A ambição do Touché Amoré

"Oh Cristo, o esgotamento de não saber nada. É tão cansativo e difícil para os nervos. Isso realmente te esgota, não saber de nada. Lhe dão a comédia e você perde todas as piadas. Cada hora você fica mais fraco. Às vezes, quando me sento sozinho no meu apartamento em Londres e olho para a janela, eu descubro como lúgubre é, como é pesado, assistir a chuva e não saber por que ela cai. "
 - Martin Amis, Grana.

I

Não gosto muito de ficar “embaralhando” e citando gêneros apenas para mostrar que sei um pouquinho disso ou daquilo, mas no caso do Touché não tem como falar outra coisa. O primeiro lançamento cheio do conjunto se baseia no screamo dos anos 90, elementos de “transição” utilizados no que se convencionou chamar de hardcore moderno (as mudanças de tempo, as dedilhadas, os “punch” do post-rock) e muita melodia de bandas como Dag Nasty. Tudo isso tira a banda de qualquer “nicho” para abraçar as mais diversas correntes de consumidores de música por aí- tanto que configura desde sites mais “enraizados” como o dyingscene aos mais “hypes” tipo Pitchfork ou o canal de resenhas do Athony Fantano.

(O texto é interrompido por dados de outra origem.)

(* Killing only happens on the last letter of [u], where [v <= 0]. *)
Lemma killed_ge n a x : ~~ occurs u a x -> th ^+ n * v (last a x) <= killed n a x.
Proof.
elim: n x => [|n IH] x nox /=; first by rewrite nox expr0 !mul1r.
rewrite exprSr -mulrA -Pv mulr_sumr; apply: ler_sum => b _.
rewrite mulrCA; apply: ler_wpM2l => //.
have [ob|nob] := boolP (occurs u a (rcons x b)).
  rewrite killed_occurs // (occurs_rcons_last nox ob).
  by rewrite pmulr_rle0 ?exprn_gt0.
by have := IH _ nob; rewrite last_rcons.
Qed.

Lemma killed_le n a x : killed n a x <= (\sum_i `|v i|) * avoidp P u n a x.
Proof.
elim: n x => [|n IH] x /=.
  have [_|_] := boolP (occurs u a x); first by rewrite !mul0r mulr0.
  rewrite /= !mul1r mulr1; apply: le_trans (ler_norm _) _.
  by rewrite (bigD1 (last a x)) //= lerDl sumr_ge0.
rewrite mulr_sumr; apply: ler_sum => b _; rewrite mulrCA.
by apply: ler_wpM2l => //; exact: IH.
Qed.

Lemma avoidp_ge_eigen n a x : ~~ occurs u a x ->
  th ^+ n * v (last a x) <= (\sum_i `|v i|) * avoidp P u n a x.
Proof. by move=> nox; apply: le_trans (killed_ge n nox) (killed_le n a x). Qed.

Lemma avoid_max_ge_geometric s : 0 < v s ->
  exists2 c, 0 < c & forall n, c * th ^+ n <= avoid_max P u n.
Proof.
move=> vs_gt0.
have nos : ~~ occurs u s [::].
  apply: contraTN vs_gt0; rewrite /occurs infixs1 -leNgt => os.
  by have <- : last s u = s by case/orP: os => /eqP ->.
have V_gt0 : 0 < \sum_i `|v i|.
  by rewrite (bigD1 s) //= ltr_pwDl ?sumr_ge0 // normr_gt0 gt_eqF.
exists (v s / \sum_i `|v i|) => [|n]; first exact: divr_gt0.
apply: le_trans (avoidp_le_max P u n s); rewrite mulrAC ler_pdivrMr // mulrC.
by rewrite [leRHS]mulrC; exact: (avoidp_ge_eigen n nos).
Qed.

End KilledEigenfunction.

Lemma sum_tuple0 (V : nmodType) (T : finType) (F : seq T -> V) :
  \sum_(w : 0.-tuple T) F w = F [::].
Proof. by rewrite (big_pred1 [tuple]) // => t; rewrite [t]tuple0 /= eqxx. Qed.

Lemma sum_tuple_cons (V : nmodType) (T : finType) n (F : seq T -> V) :
  \sum_(w : n.+1.-tuple T) F w = \sum_s \sum_(t : n.-tuple T) F (s :: t).
Proof.
rewrite pair_big /=.
rewrite (reindex (fun st : T * n.-tuple T => [tuple of st.1 :: st.2])) //=.
exists (fun w : n.+1.-tuple T => (thead w, [tuple of behead w])).
  by case=> s t _; rewrite /= theadE; congr (_, _); apply: val_inj.
by move=> w _; apply: val_inj; case: w => [[|a w]].
Qed.

Lemma sum_tuple_avoidp (R : realType) N (P : 'M[R]_N) u n a x :
  \sum_(t : n.-tuple 'I_N) path_prob P (last a x) t * (~~ occurs u a (x ++ t))%:R
  = avoidp P u n a x.
Proof.
pose F x (t : seq 'I_N) := path_prob P (last a x) t * (~~ occurs u a (x ++ t))%:R.
elim: n x => [|n IH] x; first by rewrite (sum_tuple0 (F x)) /F cats0 mul1r.
rewrite (sum_tuple_cons _ (F x)) /=; apply: eq_bigr => b _.
rewrite -IH mulr_sumr; apply: eq_bigr => t _ /=.
by rewrite last_rcons cat_rcons mulrA.
Qed.

Lemma avoids_uptoE N (u : seq 'I_N) m (w : seq 'I_N) :
  size w = (m + size u)%N -> avoids_upto u m w = ~~ infix u w.
Proof.
move=> sw; apply/forallP/negP => [avoid /infixP[s [s' w_eq]] | noinf i].
  have si : (size s < m.+1)%N.
    move: sw; rewrite w_eq !size_cat addnCA addnC => /addIn <-.
    by rewrite ltnS leq_addr.
  by move: (avoid (Ordinal si)); rewrite /= w_eq drop_size_cat // take_size_cat ?eqxx.
apply/eqP => ui; apply: noinf; apply/infixP.
by exists (take i w), (drop (size u) (drop i w)); rewrite -{1}ui !cat_take_drop.
Qed.

Lemma mu_W_avoidp (R : realType) N (P : 'M[R]_N) p u0 u' m :
  mu_W P p (u0 :: u') m
  = \sum_s p 0 s * avoidp P (u0 :: u') (m + size u') s [::].
Proof.
pose F w := if avoids_upto (u0 :: u') m w then mu_cyl P p w else 0.
rewrite /mu_W big_mkcond /= addnS (sum_tuple_cons _ F); apply: eq_bigr => s _.
rewrite -sum_tuple_avoidp mulr_sumr; apply: eq_bigr => t _ /=.
rewrite /F avoids_uptoE; last by rewrite /= size_tuple addnS.
by rewrite /occurs; case: infix; rewrite /= ?mulr0 ?mulr1.
Qed.

Section AverageLimits.
Variable R : realType.

Lemma cvg_cst_div_nat (c : R) : (fun n : nat => c / n%:R) @ \oo --> 0.
Proof.
rewrite -(cvg_shiftn 1) /=.
have -> : (fun n => c / (n + 1)%:R) = c \*: @harmonic R.
  by apply: funext => n; rewrite /= addn1.
by have := cvgZl_tmp (k := c) (@cvg_harmonic R); rewrite scaler0; apply.
Qed.

Lemma cvg_div_nat_shift (a : nat -> R) k (l : R) :
  (fun n => a n / n%:R) @ \oo --> l -> (fun n => a (n + k)%N / n%:R) @ \oo --> l.
Proof.
move=> al.
suff : ((fun n => a (n + k)%N / (n + k)%:R) \* (cst 1 + (fun n => k%:R / n%:R)))
         @ \oo --> l * (1 + 0).
  rewrite addr0 mulr1; apply: cvg_trans; apply: near_eq_cvg; near=> n.
  have n_gt0 : (0 < n%:R :> R) by rewrite ltr0n; near: n; exists 1%N.
  have nk_neq0 : (n + k)%:R != 0 :> R by rewrite natrD gt_eqF // ltr_wpDr.
  rewrite /= !fctE -[X in X + _](divff (lt0r_neq0 n_gt0)) -mulrDl -natrD.
  by rewrite mulrA divfK.
apply: cvgM; last by apply: cvgD; [exact: cvg_cst | exact: cvg_cst_div_nat].
by move: al; rewrite -(cvg_shiftn k).
Unshelve. all: by end_near.
Qed.

Lemma cvg_div_nat_bounded_sub (a b : nat -> R) (C l : R) :
  (forall n, `|a n - b n| <= C) ->
  (fun n => b n / n%:R) @ \oo --> l -> (fun n => a n / n%:R) @ \oo --> l.
Proof.
move=> ab bl.
have -> : (fun n => a n / n%:R) = (fun n => (a n - b n) / n%:R) + (fun n => b n / n%:R).
  by apply: funext => n; rewrite !fctE -mulrDl subrK.
rewrite -[X in _ --> X]add0r; apply: cvgD => //.
apply: (@squeeze_cvgr _ _ _ _ (fun n => - (C / n%:R)) (fun n => C / n%:R)).
- near=> n; rewrite -ler_norml normrM normfV normr_nat.
  by apply: ler_wpM2r; [rewrite invr_ge0 | exact: ab].
- by rewrite -oppr0; apply: cvgN; exact: cvg_cst_div_nat.
- exact: cvg_cst_div_nat.
Unshelve. all: by end_near.
Qed.

Section Fekete.
Variable h : nat -> R.
Hypothesis h_sub : forall m n, h (m + n)%N <= h m + h n.

Lemma subadditive_mul j q : (0 < j)%N -> h (j * q)%N <= j%:R * h q.
Proof.
case: j => // j _; elim: j => [|j IH]; first by rewrite mul1n mul1r.
rewrite mulSn -[j.+2]addn1 natrD mulrDl mul1r addrC.
by apply: le_trans (h_sub _ _) _; rewrite lerD2l.
Qed.

Lemma subadditive_le_slope q n : (0 < q)%N -> (q <= n)%N ->
  h n <= n%:R * (h q / q%:R) + q%:R * (`|h q / q%:R| + `|h 1%N|).
Proof.
move=> q_gt0 qn; set X := h q / q%:R.
have hq : h q = q%:R * X by rewrite /X mulrC divfK ?pnatr_eq0 -?lt0n.
rewrite {1}(divn_eq n q); set j := (n %/ q)%N; set r := (n %% q)%N.
have j_gt0 : (0 < j)%N by rewrite divn_gt0.
have r_lt : (r < q)%N by rewrite ltn_pmod.
have hjq : h (j * q)%N <= (j * q)%:R * X by rewrite natrM -mulrA -hq subadditive_mul.
have hr : h (j * q + r)%N <= (j * q)%:R * X + r%:R * `|h 1%N|.
  case: r r_lt => [|r] _; first by rewrite addn0 mul0r addr0.
  apply: le_trans (h_sub _ _) (lerD hjq _).
  rewrite -[r.+1]muln1; apply: le_trans (subadditive_mul _ _) _ => //.
  by rewrite muln1; apply: ler_wpM2l => //; exact: ler_norm.
have nE : n%:R = (j * q)%:R + r%:R :> R by rewrite -natrD -divn_eq.
apply: le_trans hr _; rewrite nE.
have /ltW rq : (r%:R : R) < q%:R by rewrite ltr_nat.
have XX : 0 <= X + `|X| by have := ler_norm (- X); rewrite normrN; lra.
have := mulr_ge0 (ler0n R r) XX; have := normr_ge0 X; have := normr_ge0 (h 1%N).
by nra.
Qed.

A voz de Jeremy, apesar dos berros, é compreensível e exalam um eu - lírico que está coberto em agonia e angústia. Como ele diria quatro anos depois, no Is Survived By, está totalmente exposto para todos observarem. Essa é a ponta para a conexão com o ouvinte que esse tipo de música tem talvez como mérito maior. O encontro ocorre no compartilhamento de fracassos ou na percepção da tristeza. Somos saturados com sons elípticos e andamentos que se desencontram, aprofundando a sensação de aflição, ao mesmo tempo em que há uma luta constante para sair dessa merda. O ouvinte fornece seu tempo e a banda nos entrega com muita honestidade suas percepções de mundo. Funciona.

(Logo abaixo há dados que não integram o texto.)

Definition cexpi (x : R) : C := (cos x, sin x).

(* Matrices are represented as functions of (0-based) nat indices. *)

Definition arr_resp (M : nat) (theta : R) (m : nat) : C :=
  cexpi (- PI * INR m * sin theta).

(* f_{N,q}: q-th column of sqrt(N) F_N, entry n *)
Definition fcol (N q n : nat) : C := cexpi (- 2 * PI * INR n * INR q / INR N).

Definition kron_vec (M : nat) (x y : nat -> C) (a : nat) : C :=
  Cmult (x (a / M)%nat) (y (a mod M)%nat).

Definition Rk (M Nc Ng : nat) (Ts : R) (S : R -> R -> R) (a b : nat) : C :=
  sum_n (fun q =>
    RInt (V := C_R_CompleteNormedModule)
      (fun theta =>
         Cmult (Cmult (kron_vec M (fcol Nc q) (arr_resp M theta) a)
                      (Cconj (kron_vec M (fcol Nc q) (arr_resp M theta) b)))
               (RtoC (S theta (INR q * Ts))))
      (- (PI / 2)) (PI / 2)) (Ng - 1).

Definition VM (M i j : nat) : C :=
  Cmult (RtoC (/ sqrt (INR M)))
        (cexpi (- 2 * PI * INR i * (INR j - INR M / 2) / INR M)).

(* F_{Nc x Ng}: first Ng columns of the unitary DFT matrix F_Nc *)
Definition Fsub (Nc n q : nat) : C :=
  Cmult (RtoC (/ sqrt (INR Nc))) (cexpi (- 2 * PI * INR n * INR q / INR Nc)).

Definition kron_mx (p r : nat) (A B : nat -> nat -> C) (a c : nat) : C :=
  Cmult (A (a / p)%nat (c / r)%nat) (B (a mod p)%nat (c mod r)%nat).

Definition theta_grid (M m : nat) : R := asin (2 * INR m / INR M - 1).

Definition Omega (M Nc : nat) (Ts : R) (S : R -> R -> R) (i j : nat) : R :=
  INR M * INR Nc * (theta_grid M (Nat.succ i) - theta_grid M i)
  * S (theta_grid M i) (INR j * Ts).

A banda coloca muita emoção em apenas vinte minutos. E nesse pacote temos guitarras mudando tons, uma bateria incrível que é violenta e precisa. Nos momentos em que toda atenção teoricamente deveria se voltar aos gritos, a percussão surge precisa e as guitarras ficam num pano de fundo repetitivo como um ciclo muito difícil de se libertar. Em uma experiência de menos de meia-hora, é muito custoso encontrar bandas que conseguem empacotar tamanha entrega e surpreendente variabilidades em um gênero cuja estética sempre se destacou pelo simplismo. O objetivo do álbum é cumprido porque eles conseguem nos enfeitiçar nessa atmosfera de lamúrias e desilusões. Os diferentes andamentos rítmicos das músicas se encontram nesse ponto em comum e conseguem algo relativamente árduo: em tão pouca duração, apresentar propostas diversas que se encaixam nessa dinâmica de “angústia”. A percepção de velocidade e efemeridade se ajusta em nossa relação com o disco cada vez que ouvimos, e seu ciclo de isolamento está completo porque logo menos estaremos cantando as mesmas frustrações.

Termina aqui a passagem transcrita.